This post is not about a new technique or package, but rather combining existing functionality in interpretable machine learning and data visualization in a way to facilitate analyses of model results. We’ll make use of two packages DALEX and PLOTLY ot create interactive Individual Conditional Expectation (ICE) plots show how to use them to find interesting behavior. Let’s take a random forest (RF) trained on an imputed version of the titanic data as an example, on which we create a DALEX explainer.
library(DALEX) library(plotly) library(randomForest) library(gridExtra) library(archivist) titanic_imputed <- aread("pbiecek/models/27e5c") titanic_rf <- aread("pbiecek/models/4e0fc") target_as_int <- as.integer(titanic_imputed$survived) explainer_rf <- DALEX::explain(model = titanic_rf, data = titanic_imputed[, -9], y = target_as_int, label = "Random Forest")
## Preparation of a new explainer is initiated ## -> model label : Random Forest ## -> data : 2207 rows 8 cols ## -> target variable : 2207 values ## -> predict function : yhat.randomForest will be used ( [33m default [39m ) ## -> predicted values : No value for predict function target column. ( [33m default [39m ) ## -> model_info : package randomForest , ver. 4.6.14 , task classification ( [33m default [39m ) ## -> predicted values : numerical, min = 0 , mean = 0.2353095 , max = 1 ## -> residual function : difference between y and yhat ( [33m default [39m ) ## -> residuals : numerical, min = 0.108 , mean = 1.086847 , max = 2 ## [32m A new explainer has been created! [39m
A typical way to understand the dependence of the prediction on a single variable, say age, is a partial dependence plot (PDP).
plot(model_profile(explainer = explainer_rf, variables = "age", N = dim(titanic_imputed)))
While a PDP provides a reasonable average summary, it suppresses the variation for single observations. An ICE plot visualizes the for a subset of all observations - basically, it shows the result of the data perturbation BEFORE averaging. It is therefore essentially an intermediate step on the way to a PDP. Note that these plots are called ceteris paribus profiles in DALEX.
dep_age <- model_profile(explainer = explainer_rf, variables = "age") plot(dep_age,geom="profiles") + ggtitle("ICE plot of RF for age")
Unfortunately, the wealth of information makes it hard to draw any direct conclusions from this. This is where the plotly package comes into play. By looking at an interactive version of the plot for a reasonable number of observations, we can find interesting cases. For example, note how the observation in row 1230 has a high peak at age 52 that is more pronounced than on average.
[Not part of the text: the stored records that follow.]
(* For every positive integer $n$ and every $r \in [\sqrt{\frac{13}{48}}, \frac{\sqrt{3}}{3})$, we have $N_n(r) \ge \lceil \frac{n}{2} \rceil$.
   Context: For a positive integer $n$, let $\mathcal{P}_n$ denote the family of all sets of $n$ points in the Euclidean plane such that the distance between any two points of the set is at most $1$. For $0 < r \le 1$, let $N_n(r)$ be the largest integer $k$ such that for every $P \in \mathcal{P}_n$ there exists a circle of radius $r$ (i.e. a closed disc of radius $r$) which covers (contains) at least $k$ points of $P$. *)

From Stdlib Require Import Reals List.
Import ListNotations.
Open Scope R_scope.

Definition point : Type := (R * R)%type.

Definition dist2 (p q : point) : R :=
  sqrt ((fst p - fst q) ^ 2 + (snd p - snd q) ^ 2).

Definition is_point_set (n : nat) (P : list point) : Prop :=
  NoDup P /\ length P = n.

Definition in_family (n : nat) (P : list point) : Prop :=
  is_point_set n P /\ (forall p q, In p P -> In q P -> dist2 p q <= 1).

Definition disc_covers_at_least (c : point) (r : R) (P : list point) (k : nat) : Prop :=
  exists Q : list point,
    NoDup Q /\ (k <= length Q)%nat /\
    (forall q, In q Q -> In q P /\ dist2 c q <= r).

(* "k is admissible for N_n(r)": for every P in P_n there is a closed disc of
   radius r covering at least k points of P.  N_n(r) is the largest admissible
   k, and admissibility is downward closed, so  N_n(r) >= k  <->  N_admissible n r k. *)
Definition N_admissible (n : nat) (r : R) (k : nat) : Prop :=
  forall P : list point, in_family n P ->
    exists c : point, disc_covers_at_least c r P k.

Definition ceil_half (n : nat) : nat := Nat.div (n + 1) 2.

From Stdlib Require Import Reals List Lra Lia Psatz FunctionalExtensionality.
Open Scope R_scope.

(* For a unit vector u, the projection of P onto u lies in an interval of
   length at most 1 (the diameter of P is at most 1), so P lies in the strip of
   width 1 around the line orthogonal to u through the midpoint m(u) of that
   interval; moreover m(-u) = -m(u).  For three directions u, u', u'' at 120
   degrees, turning them by 60 degrees replaces them by -u'', -u, -u', so
   m(u) + m(u') + m(u'') changes sign and vanishes for some position by the
   intermediate value theorem.  The three mid-lines are then concurrent, and P
   lies in the intersection of the three strips: a regular hexagon of inradius
   1/2.  The line through its centre parallel to two of its sides cuts it into
   two halves, each contained in a disc of radius sqrt (13/48); one of these
   two discs contains at least half of the points. *)

Lemma Rabs_le_between x a : Rabs x <= a -> - a <= x <= a.
Proof.
  intros H. pose proof (Rle_abs x). pose proof (Rle_abs (- x)).
  rewrite Rabs_Ropp in *. lra.
Qed.

Lemma Rmax_abs_formula a b : Rmax a b = (a + b + Rabs (a - b)) / 2.
Proof.
  unfold Rmax; destruct (Rle_dec a b).
  - rewrite Rabs_left1; lra.
  - rewrite Rabs_right; lra.
Qed.

Lemma continuity_Rmax f g :
  continuity f -> continuity g -> continuity (fun x => Rmax (f x) (g x)).
Proof.
  intros Hf Hg.
  replace (fun x => Rmax (f x) (g x))
    with (fun x => (f x + g x + Rabs (f x - g x)) * / 2)
    by (apply functional_extensionality; intros x; rewrite Rmax_abs_formula; reflexivity).
  apply continuity_mult; [| apply continuity_const; intros ? ?; reflexivity].
  apply continuity_plus; [apply continuity_plus; assumption |].
  apply (continuity_comp _ Rabs); [apply continuity_minus; assumption | exact Rcontinuity_abs].
Qed.

Lemma IVT_opp_values (f : R -> R) a :
  continuity f -> 0 <= a -> f a = - f 0 -> exists t, f t = 0.
Proof.
  intros Hf Ha Hfa.
  destruct (IVT_cor f 0 a Hf Ha) as [t [_ Ht]].
  - rewrite Hfa. nra.
  - exists t; exact Ht.
Qed.

Definition dot (u z : point) : R := fst u * fst z + snd u * snd z.
Definition opp (u : point) : point := (- fst u, - snd u).
Definition dir (t : R) : point := (cos t, sin t).

Lemma dot_opp u z : dot (opp u) z = - dot u z.
Proof. unfold dot, opp; simpl; ring. Qed.

Lemma opp_involutive u : opp (opp u) = u.
Proof. destruct u as [x y]; unfold opp; simpl; rewrite !Ropp_involutive; reflexivity. Qed.

Lemma dir_unit t : fst (dir t) ^ 2 + snd (dir t) ^ 2 = 1.
Proof. unfold dir; simpl. pose proof (sin2_cos2 t) as H. unfold Rsqr in H. lra. Qed.

Lemma dir_add_PI t : dir (t + PI) = opp (dir t).
Proof. unfold dir, opp; simpl. rewrite neg_cos, neg_sin. reflexivity. Qed.

Lemma dir_sub_PI t : dir (t - PI) = opp (dir t).
Proof.
  rewrite <- (opp_involutive (dir (t - PI))), <- dir_add_PI.
  f_equal; f_equal; ring.
Qed.

Lemma dir_add_PI2 t : dir (t + PI / 2) = (- sin t, cos t).
Proof. unfold dir. rewrite cos_plus, sin_plus, cos_PI2, sin_PI2. f_equal; ring. Qed.

Lemma dot_sub_le_dist u p q :
  fst u ^ 2 + snd u ^ 2 = 1 -> dot u p - dot u q <= dist2 p q.
Proof.
  intros Hu. unfold dist2, dot.
  set (dx := fst p - fst q); set (dy := snd p - snd q).
  replace (fst u * fst p + snd u * snd p - (fst u * fst q + snd u * snd q))
    with (fst u * dx + snd u * dy) by (unfold dx, dy; ring).
  eapply Rle_trans; [apply Rle_abs |].
  rewrite <- sqrt_Rsqr_abs. apply sqrt_le_1_alt. unfold Rsqr.
  assert (Lagrange : (fst u * dx + snd u * dy) ^ 2 + (fst u * dy - snd u * dx) ^ 2
                     = (fst u ^ 2 + snd u ^ 2) * (dx ^ 2 + dy ^ 2)) by ring.
  rewrite Hu, Rmult_1_l in Lagrange.
  pose proof (pow2_ge_0 (fst u * dy - snd u * dx)). simpl in *. lra.
Qed.

Section Support.

Variables (p0 : point) (ps : list point).

Definition support (u : point) : R :=
  fold_right (fun z m => Rmax (dot u z) m) (dot u p0) ps.

Lemma support_ub u z : In z (p0 :: ps) -> dot u z <= support u.
Proof.
  unfold support. intros [<- | Hz].
  - induction ps as [| y l IH]; simpl; [lra |].
    eapply Rle_trans; [exact IH | apply Rmax_r].
  - induction ps as [| y l IH]; simpl in *; [contradiction |].
    destruct Hz as [<- | Hz]; [apply Rmax_l |].
    eapply Rle_trans; [exact (IH Hz) | apply Rmax_r].
Qed.

Lemma support_attained u : exists z, In z (p0 :: ps) /\ support u = dot u z.
Proof.
  unfold support. induction ps as [| y l [z [Hz E]]]; simpl.
  - exists p0; auto.
  - apply Rmax_case.
    + exists y; simpl; auto.
    + exists z; destruct Hz as [<- | Hz]; simpl; auto.
Qed.

Lemma continuity_support (a b : R -> R) :
  continuity a -> continuity b -> continuity (fun t => support (a t, b t)).
Proof.
  intros Ha Hb.
  assert (Hdot : forall z, continuity (fun t => dot (a t, b t) z)).
  { intros z. unfold dot; simpl.
    apply continuity_plus; apply continuity_mult; auto;
      apply continuity_const; intros ? ?; reflexivity. }
  unfold support. induction ps as [| y l IH]; simpl.
  - apply Hdot.
  - apply continuity_Rmax; auto.
Qed.

Definition proj_mid (u : point) : R := (support u - support (opp u)) / 2.

Lemma proj_mid_opp u : proj_mid (opp u) = - proj_mid u.
Proof. unfold proj_mid. rewrite opp_involutive. field. Qed.

Lemma continuity_proj_mid_dir f :
  continuity f -> continuity (fun t => proj_mid (dir (f t))).
Proof.
  intros Hf. unfold proj_mid, dir, opp; simpl.
  apply continuity_mult; [| apply continuity_const; intros ? ?; reflexivity].
  apply continuity_minus; apply continuity_support; reg.
Qed.

Lemma proj_mid_strip u z :
  (forall p q, In p (p0 :: ps) -> In q (p0 :: ps) -> dist2 p q <= 1) ->
  fst u ^ 2 + snd u ^ 2 = 1 -> In z (p0 :: ps) ->
  Rabs (dot u z - proj_mid u) <= 1 / 2.
Proof.
  intros Hdiam Hu Hz.
  destruct (support_attained u) as [p [Hp Ep]].
  destruct (support_attained (opp u)) as [q [Hq Eq]].
  pose proof (support_ub u z Hz) as Hzu.
  pose proof (support_ub (opp u) z Hz) as Hzo.
  pose proof (dot_sub_le_dist u p q Hu) as Hpq.
  pose proof (Hdiam p q Hp Hq).
  rewrite dot_opp in Eq, Hzo.
  apply Rabs_le. unfold proj_mid. lra.
Qed.

Definition mid_sum (t : R) : R :=
  proj_mid (dir (t - 2 * (PI / 3))) + proj_mid (dir t) + proj_mid (dir (t + 2 * (PI / 3))).

Lemma mid_sum_shift t : mid_sum (t + PI / 3) = - mid_sum t.
Proof.
  unfold mid_sum.
  replace (t + PI / 3 - 2 * (PI / 3)) with (t + 2 * (PI / 3) - PI) by field.
  replace (t + PI / 3 + 2 * (PI / 3)) with (t + PI) by field.
  replace (t + PI / 3) with (t - 2 * (PI / 3) + PI) by field.
  rewrite dir_sub_PI, !dir_add_PI, !proj_mid_opp. ring.
Qed.

Lemma exists_balanced_dir : exists t, mid_sum t = 0.
Proof.
  apply (IVT_opp_values mid_sum (PI / 3)).
  - unfold mid_sum. repeat apply continuity_plus; apply continuity_proj_mid_dir; reg.
  - pose proof PI_RGT_0; lra.
  - rewrite <- (Rplus_0_l (PI / 3)) at 1. apply mid_sum_shift.
Qed.

End Support.

Lemma dot_dir_add_2PI3 t z :
  dot (dir (t + 2 * (PI / 3))) z = - dot (dir t) z / 2 + sqrt 3 / 2 * dot (dir (t + PI / 2)) z.
Proof.
  rewrite dir_add_PI2. unfold dot, dir; simpl.
  rewrite cos_plus, sin_plus, cos_2PI3, sin_2PI3. field.
Qed.

Lemma dot_dir_sub_2PI3 t z :
  dot (dir (t - 2 * (PI / 3))) z = - dot (dir t) z / 2 - sqrt 3 / 2 * dot (dir (t + PI / 2)) z.
Proof.
  rewrite dir_add_PI2. unfold dot, dir; simpl.
  rewrite cos_minus, sin_minus, cos_2PI3, sin_2PI3. field.
Qed.

Definition frame (t a b : R) : point := (a * cos t - b * sin t, a * sin t + b * cos t).

Lemma dist2_frame t a b z :
  dist2 (frame t a b) z
  = sqrt ((dot (dir t) z - a) ^ 2 + (dot (dir (t + PI / 2)) z - b) ^ 2).
Proof.
  rewrite dir_add_PI2. unfold dist2, frame, dot, dir; simpl. f_equal.
  pose proof (sin2_cos2 t) as H. unfold Rsqr in H. nra.
Qed.

(* The half Y >= 0 of the hexagon is the pentagon with vertices (+-1/2, 0),
   (+-1/2, sqrt 3 / 6) and (0, sqrt 3 / 3).  All but the last are exactly at
   distance sqrt (13/48) from (0, sqrt 3 / 12), the last one is closer. *)
Lemma hexagon_half_in_disc X Y :
  Rabs X <= 1 / 2 -> Rabs (- X / 2 + sqrt 3 / 2 * Y) <= 1 / 2 ->
  Rabs (- X / 2 - sqrt 3 / 2 * Y) <= 1 / 2 -> 0 <= Y ->
  X ^ 2 + (Y - sqrt 3 / 12) ^ 2 <= 13 / 48.
Proof.
  intros H1%Rabs_le_between H2%Rabs_le_between H3%Rabs_le_between HY.
  assert (Q : sqrt 3 * sqrt 3 = 3) by (apply sqrt_sqrt; lra).
  assert (E : 48 * (X ^ 2 + (Y - sqrt 3 / 12) ^ 2) - (48 * X ^ 2 + 16 * (sqrt 3 * Y - 1 / 4) ^ 2)
              = (sqrt 3 * sqrt 3 - 3) * (1 / 3 - 16 * Y ^ 2)) by field.
  rewrite Q in E.
  pose proof Rlt_sqrt3_0.
  set (W := sqrt 3 * Y) in *.
  assert (HW : 0 <= W) by (unfold W; nra).
  assert (H2' : - 1 <= - X + W <= 1) by (unfold W; lra).
  assert (H3' : - 1 <= - X - W <= 1) by (unfold W; lra).
  clearbody W.
  destruct (Rle_dec W (1 / 2)); nra.
Qed.

Lemma hexagon_in_two_discs X Y :
  Rabs X <= 1 / 2 -> Rabs (- X / 2 + sqrt 3 / 2 * Y) <= 1 / 2 ->
  Rabs (- X / 2 - sqrt 3 / 2 * Y) <= 1 / 2 ->
  X ^ 2 + (Y - sqrt 3 / 12) ^ 2 <= 13 / 48 \/ X ^ 2 + (Y + sqrt 3 / 12) ^ 2 <= 13 / 48.
Proof.
  intros H1 H2 H3. destruct (Rle_dec 0 Y) as [HY | HY].
  - left. apply hexagon_half_in_disc; assumption.
  - right. replace ((Y + sqrt 3 / 12) ^ 2) with ((- Y - sqrt 3 / 12) ^ 2) by ring.
    apply hexagon_half_in_disc; [assumption | | | lra].
    + replace (- X / 2 + sqrt 3 / 2 * - Y) with (- X / 2 - sqrt 3 / 2 * Y) by ring.
      assumption.
    + replace (- X / 2 - sqrt 3 / 2 * - Y) with (- X / 2 + sqrt 3 / 2 * Y) by ring.
      assumption.
Qed.

(* [frame t s1 b] is the common point of the three mid-lines; it exists
   because s1 + s2 + s3 = 0. *)
Lemma balanced_strips_in_two_discs t s1 s2 s3 b z :
  s1 + s2 + s3 = 0 -> sqrt 3 * b = s2 - s3 ->
  Rabs (dot (dir t) z - s1) <= 1 / 2 ->
  Rabs (dot (dir (t + 2 * (PI / 3))) z - s2) <= 1 / 2 ->
  Rabs (dot (dir (t - 2 * (PI / 3))) z - s3) <= 1 / 2 ->
  dist2 (frame t s1 (b + sqrt 3 / 12)) z <= sqrt (13 / 48) \/
  dist2 (frame t s1 (b - sqrt 3 / 12)) z <= sqrt (13 / 48).
Proof.
  intros Hs Hb H1 H2 H3.
  rewrite !dist2_frame.
  rewrite dot_dir_add_2PI3 in H2. rewrite dot_dir_sub_2PI3 in H3.
  set (X := dot (dir t) z - s1) in *.
  set (Y := dot (dir (t + PI / 2)) z - b).
  replace (dot (dir (t + PI / 2)) z - (b + sqrt 3 / 12)) with (Y - sqrt 3 / 12) by (unfold Y; ring).
  replace (dot (dir (t + PI / 2)) z - (b - sqrt 3 / 12)) with (Y + sqrt 3 / 12) by (unfold Y; ring).
  destruct (hexagon_in_two_discs X Y) as [HD | HD].
  - assumption.
  - replace (- X / 2 + sqrt 3 / 2 * Y)
      with (- dot (dir t) z / 2 + sqrt 3 / 2 * dot (dir (t + PI / 2)) z - s2)
      by (unfold X, Y; lra).
    assumption.
  - replace (- X / 2 - sqrt 3 / 2 * Y)
      with (- dot (dir t) z / 2 - sqrt 3 / 2 * dot (dir (t + PI / 2)) z - s3)
      by (unfold X, Y; lra).
    assumption.
  - left. apply sqrt_le_1_alt. exact HD.
  - right. apply sqrt_le_1_alt. exact HD.
Qed.

Definition in_discb (c : point) (r : R) (z : point) : bool :=
  if Rle_dec (dist2 c z) r then true else false.

Lemma disc_covers_filter c r P :
  NoDup P -> disc_covers_at_least c r P (length (filter (in_discb c r) P)).
Proof.
  intros HP. exists (filter (in_discb c r) P).
  split; [apply NoDup_filter; exact HP |]. split; [lia |].
  intros z [Hz E]%filter_In. split; [exact Hz |].
  unfold in_discb in E. destruct (Rle_dec (dist2 c z) r); [assumption | discriminate].
Qed.

Lemma disc_covers_at_least_le c r P k k' :
  (k' <= k)%nat -> disc_covers_at_least c r P k -> disc_covers_at_least c r P k'.
Proof. intros Hk [Q [HQ [HkQ HQP]]]. exists Q. split; [exact HQ |]. split; [lia | exact HQP]. Qed.

Lemma length_le_filter_or {A : Type} (f g : A -> bool) (l : list A) :
  (forall z, In z l -> f z = true \/ g z = true) ->
  (length l <= length (filter f l) + length (filter g l))%nat.
Proof.
  induction l as [| a l IH]; simpl; intros H; [lia |].
  specialize (IH (fun z Hz => H z (or_intror Hz))).
  destruct (H a (or_introl eq_refl)) as [E | E]; rewrite E;
    [destruct (g a) | destruct (f a)]; simpl; lia.
Qed.

Lemma ceil_half_le_max n a b : (n <= a + b)%nat -> (ceil_half n <= Nat.max a b)%nat.
Proof.
  intros H. unfold ceil_half.
  pose proof (Nat.div_mod (n + 1) 2 ltac:(lia)).
  pose proof (Nat.mod_upper_bound (n + 1) 2 ltac:(lia)). lia.
Qed.

Lemma two_discs_cover_half c1 c2 r P :
  NoDup P -> (forall z, In z P -> dist2 c1 z <= r \/ dist2 c2 z <= r) ->
  exists c, disc_covers_at_least c r P (ceil_half (length P)).
Proof.
  intros HP Hcov.
  assert (Hlen : (length P <= length (filter (in_discb c1 r) P)
                              + length (filter (in_discb c2 r) P))%nat).
  { apply length_le_filter_or. intros z Hz. unfold in_discb.
    destruct (Hcov z Hz); [left | right]; destruct Rle_dec; tauto. }
  apply ceil_half_le_max in Hlen.
  destruct (Nat.max_spec (length (filter (in_discb c1 r) P))
                         (length (filter (in_discb c2 r) P))) as [[_ E] | [_ E]];
    rewrite E in Hlen; [exists c2 | exists c1];
    eapply disc_covers_at_least_le; eauto using disc_covers_filter.
Qed.

Theorem lemma1 (n : nat) (r : R) :
  (1 <= n)%nat ->
  sqrt (13 / 48) <= r -> r < sqrt 3 / 3 ->
  N_admissible n r (ceil_half n).
Proof.
  intros Hn Hr _ P [[HP Hlen] Hdiam].
  destruct P as [| p0 ps]; [simpl in Hlen; lia |].
  destruct (exists_balanced_dir p0 ps) as [t Ht].
  set (s1 := proj_mid p0 ps (dir t)).
  set (s2 := proj_mid p0 ps (dir (t + 2 * (PI / 3)))).
  set (s3 := proj_mid p0 ps (dir (t - 2 * (PI / 3)))).
  set (b := (s2 - s3) / sqrt 3).
  rewrite <- Hlen.
  apply (two_discs_cover_half (frame t s1 (b + sqrt 3 / 12)) (frame t s1 (b - sqrt 3 / 12)));
    [exact HP |].
  intros z Hz.
  destruct (balanced_strips_in_two_discs t s1 s2 s3 b z) as [Hd | Hd];
    try (apply proj_mid_strip; auto using dir_unit).
  - unfold mid_sum in Ht. unfold s1, s2, s3. lra.
  - unfold b. field. apply Rgt_not_eq, Rlt_sqrt3_0.
  - left. lra.
  - right. lra.
Qed.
set.seed(98) dep_age <- model_profile(explainer = explainer_rf, variables = "age", N = 10) ggplotly(plot(dep_age,geom="profiles") + ggtitle("ICE plot for 10 randomly selected rows"))
The underlying observation has age 61 and did not survive, which corresponds to a very low probability of survival. Thus our model is saying that the predicted probability of this person would have been a lot higher (~28 percentage points) if the person had been 9 years younger.
## gender age class embarked country fare sibsp parch survived ## 1230 male 61 1st Southampton United States 33.1 0 0 no
cb_1230 <- predict_profile(explainer_rf, titanic_imputed[1230,]) ggplotly(plot(cb_1230,variables="age")+ggtitle("Certeris paribus plot for observation 1230"))
While this is an interesting observation already, we can further break down effects by creating this fictive person with age 52.
person_1230_age_52 <-titanic_imputed[1230,] person_1230_age_52$age <- 52 predict(titanic_rf, person_1230_age_52,type="prob")
## no yes ## 1230 0.684 0.316 ## attr(,"class") ##  "matrix" "array" "votes"
A breakdown plot now shows that indeed, age is the main driver for the change in predicted survival probability.
grid.arrange(plot(predict_parts(explainer_rf, person_1230_age_52))+ggtitle("Age 52"), plot(predict_parts(explainer_rf,titanic_imputed[1230,]))+ggtitle("Age 61"),nrow=1)
However, some other (smaller) effects change as well. For embarked, an breakdown version that quantifies also interactions between variables shows that this is also mainly driven by age:
grid.arrange(plot(predict_parts(explainer_rf, person_1230_age_52,type="break_down_interactions"))+ggtitle("Age 52"), plot(predict_parts(explainer_rf,titanic_imputed[1230,], type="break_down_interactions"))+ggtitle("Age 61"),nrow=1)
So, even we did not re-invent the wheel and simply combined well known existing approaches, I still hope this techniques is helpful for some of you.